Nedd4 is a posttranslational regulator of VHL during OL development

To identify posttranslational modifications that regulate Daam2–VHL function in OLs, we performed Daam2 mass spec using a polyclonal antibody and profiled wild-type and Daam2 constitutive knockout adult mouse brains (2 mo) and cross-compared the candidates with previously reported developmental gene expression data (Fig. 3A; Chaboub et al. 2016; Lin et al. 2017). This comparative analysis revealed a group of candidate genes that are expressed in glial lineages and associate with Daam2 during development and in the adult CNS as well as in vitro (Supplemental Fig. S3A). Since Daam2 promotes VHL ubiquitination-degradation (Zhu et al. 2017) and loss of Daam2 stabilizes VHL in OPCs (Fig. 1G), we focused our analysis on candidate E3 ubiquitin ligases that target the Daam2–VHL complex. Among the candidate E3 ligases (see asterisks indicated in the Supplemental Fig. S3A), Nedd4 is of particular interest as it displays the highest affinity with Daam2 among the candidate factors from our Daam2 mass-spec screen. To validate this relationship, we next examined Nedd4 coexpression and association with Daam2 and VHL in vivo and in vitro. Coimmunoprecipitation assays confirmed that Nedd4 associates with both Daam2 and VHL in primary OPCs and 293T cells in vitro (Fig. 3B; Supplemental Fig. S3B), while double fluorescence in situ-immunostaining results indicate that Nedd4 is coexpressed in OL lineage with Daam2–VHL during CNS development in vivo (Fig. 3C; Supplemental Fig. S3C)
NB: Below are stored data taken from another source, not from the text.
Lemma representsZ z A p : represents A p -> represents (matscale z A) (fun x => z *: p x).
Proof.
move=> Ap j; rewrite Ap scaler_sumr; apply: eq_bigr => l _.
by rewrite /coef_block /matscale mxE coefCM scalerA.
Qed.

Lemma represents_exists psi : exists2 A, Rspan (@Xpow_mx R m (m * d)) A & represents A psi.
Proof.
have /choice[C C_def] : forall j, exists c : nat -> R, psi (u j) = \sum_(l < d) c l *: y l.
  by move=> j; have [c _ <-] := @y_gen (psi (u j)) I; exists c.
exists (\sum_(k < m * d) matscale (C (k %/ d)%N (k %% d)%N) (Xpow_mx R m k)).
  by exists (fun k => C (k %/ d)%N (k %% d)%N).
move=> j; rewrite C_def; apply: eq_bigr => l _.
have lt_ld := ltn_ord l; have lt_jm := ltn_ord j.
have lt_jdl_md : (j * d + l < m * d)%N by nia.
rewrite /coef_block (Xpow_span_diag _ (fun k => C (k %/ d)%N (k %% d)%N)) coef_poly.
rewrite lt_jdl_md divnMDl ?modnMDl; last by lia.
by rewrite divn_small // addn0 modn_small.
Qed.

Lemma decode_eq A psi : centralizer phi psi -> represents A psi -> decode A = psi.
Proof.
move=> psi_cent Apsi; rewrite /decode; case: pselect => [ex|[]]; last by exists psi.
case: (cid ex) => p [p_cent Ap] /=.
apply: (centralizer_eq phi_lin phi_nil u_gen p_cent psi_cent) => j lt_jm.
by rewrite (Ap (Ordinal lt_jm)) (Apsi (Ordinal lt_jm)).
Qed.

Lemma centralizer_code0 : centralizer_code 0.
Proof.
by split; [exact: Rspan0 | exists (fun=> 0); [exact: centralizer0 | exact: represents0]].
Qed.

Lemma centralizer_codeD A B :
  centralizer_code A -> centralizer_code B -> centralizer_code (A + B).
Proof.
move=> [A_span [p p_cent Ap]] [B_span [q q_cent Bq]]; split; first exact: RspanD.
by exists (fun x => p x + q x); [exact: centralizerD | exact: representsD].
Qed.

Lemma centralizer_codeZ z A :
  central z -> centralizer_code A -> centralizer_code (matscale z A).
Proof.
move=> zC [A_span [p p_cent Ap]]; split; first exact: RspanZ.
by exists (fun x => z *: p x); [exact: centralizerZ | exact: representsZ].
Qed.

Lemma decode_centralizer A : centralizer_code A -> centralizer phi (decode A).
Proof. by move=> [_ [p p_cent Ap]]; rewrite (decode_eq p_cent Ap). Qed.

Lemma decodeD A B : centralizer_code A -> centralizer_code B ->
  decode (A + B) = (fun x => decode A x + decode B x).
Proof.
move=> [_ [p p_cent Ap]] [_ [q q_cent Bq]].
rewrite (decode_eq p_cent Ap) (decode_eq q_cent Bq).
exact: decode_eq (centralizerD phi_lin p_cent q_cent) (representsD Ap Bq).
Qed.

Lemma decodeZ z A : central z -> centralizer_code A ->
  decode (matscale z A) = (fun x => z *: decode A x).
Proof.
move=> zC [_ [p p_cent Ap]]; rewrite (decode_eq p_cent Ap).
exact: decode_eq (centralizerZ phi_lin zC p_cent) (representsZ z Ap).
Qed.

Lemma decode_onto psi :
  centralizer phi psi -> exists A, centralizer_code A /\ decode A = psi.
Proof.
move=> psi_cent; have [A A_span Apsi] := represents_exists psi.
by exists A; split; [split=> //; exists psi | exact: decode_eq].
Qed.

End Encoding.

Theorem theorem4p6 (R : nzRingType) (M : lmodType R) (phi : M -> M)
  (d m : nat) :
  fin_gen M -> semisimple M ->
  Rlinear phi -> nilpotent_map phi ->
  comp_length (fun _ : M => True) d ->
  comp_length (fun x : M => phi x = 0) m ->
  exists (g : 'I_(m * d)%N -> 'M[{poly R}]_m)
         (L' : 'M[{poly R}]_m -> Prop)
         (f : 'M[{poly R}]_m -> (M -> M)),
    (forall A, L' A -> Rspan g A) /\
    Zsubmod L' /\
    (forall A B, L' A -> L' B -> forall x, f (A + B) x = f A x + f B x) /\
    (forall z A, central z -> L' A -> forall x, f (matscale z A) x = z *: f A x) /\
    (forall A, L' A -> centralizer phi (f A)) /\
    (forall psi, centralizer phi psi -> exists A, L' A /\ f A = psi).
Proof.
move=> _ _ phi_lin phi_nil M_length ker_length.
have [N N_series [N0 Nd]] := comp_lengthP M_length.
have [K K_series [K0 Km]] := comp_lengthP ker_length.
have [y] := comp_series_generated N_series N0; rewrite Nd => y_gen.
have [u u_gen] := generated_mod_range phi_lin N_series N0 Nd K_series K0 Km.
exists (@Xpow_mx R m (m * d)), (centralizer_code phi d y u), (decode phi d y u).
split; first by move=> A [].
split; first by split; [exact: centralizer_code0 | exact: centralizer_codeD |
                        exact: centralizer_codeZ].
split; first by move=> A B cA cB x; rewrite (decodeD phi_lin phi_nil u_gen cA cB).
split; first by move=> z A zC cA x; rewrite (decodeZ phi_lin phi_nil u_gen zC cA).
split; first exact: decode_centralizer phi_lin phi_nil u_gen.
exact: decode_onto phi_lin phi_nil y_gen u_gen.
Qed.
Nedd4 has been shown previously to modify its substrates posttranslationally via ubiquitination in early neuronal development and cancers (Chen and Matesic 2007; Amodio et al. 2010; Drinjakovic et al. 2010; Kawabe et al. 2010; Christie et al. 2012; Ambrozkiewicz and Kawabe 2015; Shao et al. 2018). However, its function in glial development and regeneration is unknown. To examine whether Nedd4 regulates VHL stability through ubiquitination, we performed VHL ubiquitination assays with various lysine mutated Ub constructs in vitro and found that Nedd4 overexpression substantially increased VHL ubiquitination via lysine (K) 63 (UbK63)-linked polyubiquitination. This function was abolished by mutation of the ubiquitin K63 residue to arginine (UbK63R) (Fig. 3D). Ubiquitination at K63 by Nedd4 stabilizes VHL as evidenced by its increased half-life (Fig. 3E). Together these data indicate a novel mechanism where the ubiquitin E3 ligase Nedd4 increases K63 ubiquitination of VHL.

Nedd4 is critical for OL myelination during development

Given that Nedd4 is expressed in OPCs and stabilizes VHL, we examined whether Nedd4 is critical for OL development. We generated conditional null OL-lineage specific Nedd4 mice by crossing Nedd4F/F with the Sox10-Cre line (Sox10-Cre+/−; Nedd4F/F or Nedd4 cKO). Nedd4 cKO mice are smaller in body size and suffer perinatal lethality when compared with littermate controls (wild-type and heterozygous control) (Supplemental Fig. S4A,B). After confirming loss of Nedd4 by immunostaining in the spinal cord of P0 pups (Fig. 4A vs. B), we assessed cellular phenotypes with various OL markers. We found a dramatic decrease in mature OLs expressing PLP and MBP in Nedd4 cKO compared with littermate controls (Fig. 4C,E vs. D,F,K,L), while the number of precursor cells remains relatively unchanged (Fig. 4G vs. H,M; Supplemental Fig. S4S,T). The numbers of active Caspase-3 positive cells increased mainly in the gray matter of Nedd4 cKO (Supplemental Fig. S4C), but there was no change in PDGFRα- and PLP-labeled OL lineage cell death (Supplemental Fig. S4F–I,M). These data indicate that impaired OPC differentiation in Nedd4 cKO is not due to OPC survival during development. Further analysis of markers for other cell types in the CNS revealed no significant differences for astrocytes (GFAP) or neurons (NeuN); however, there was a notable increase for microglia (Iba-1) in Nedd4 cKO compared with control (Supplemental Fig. S4Q–V). In addition, loss of Nedd4 leads to decreased VHL protein levels but no changes in VHL mRNA levels in the white matter of the spinal cord during development (Fig. 4I vs. J,N,O), in agreement with the biochemical data that Nedd4 stabilizes VHL protein but does not impact its transcript.

Figure 4.

Figure 4.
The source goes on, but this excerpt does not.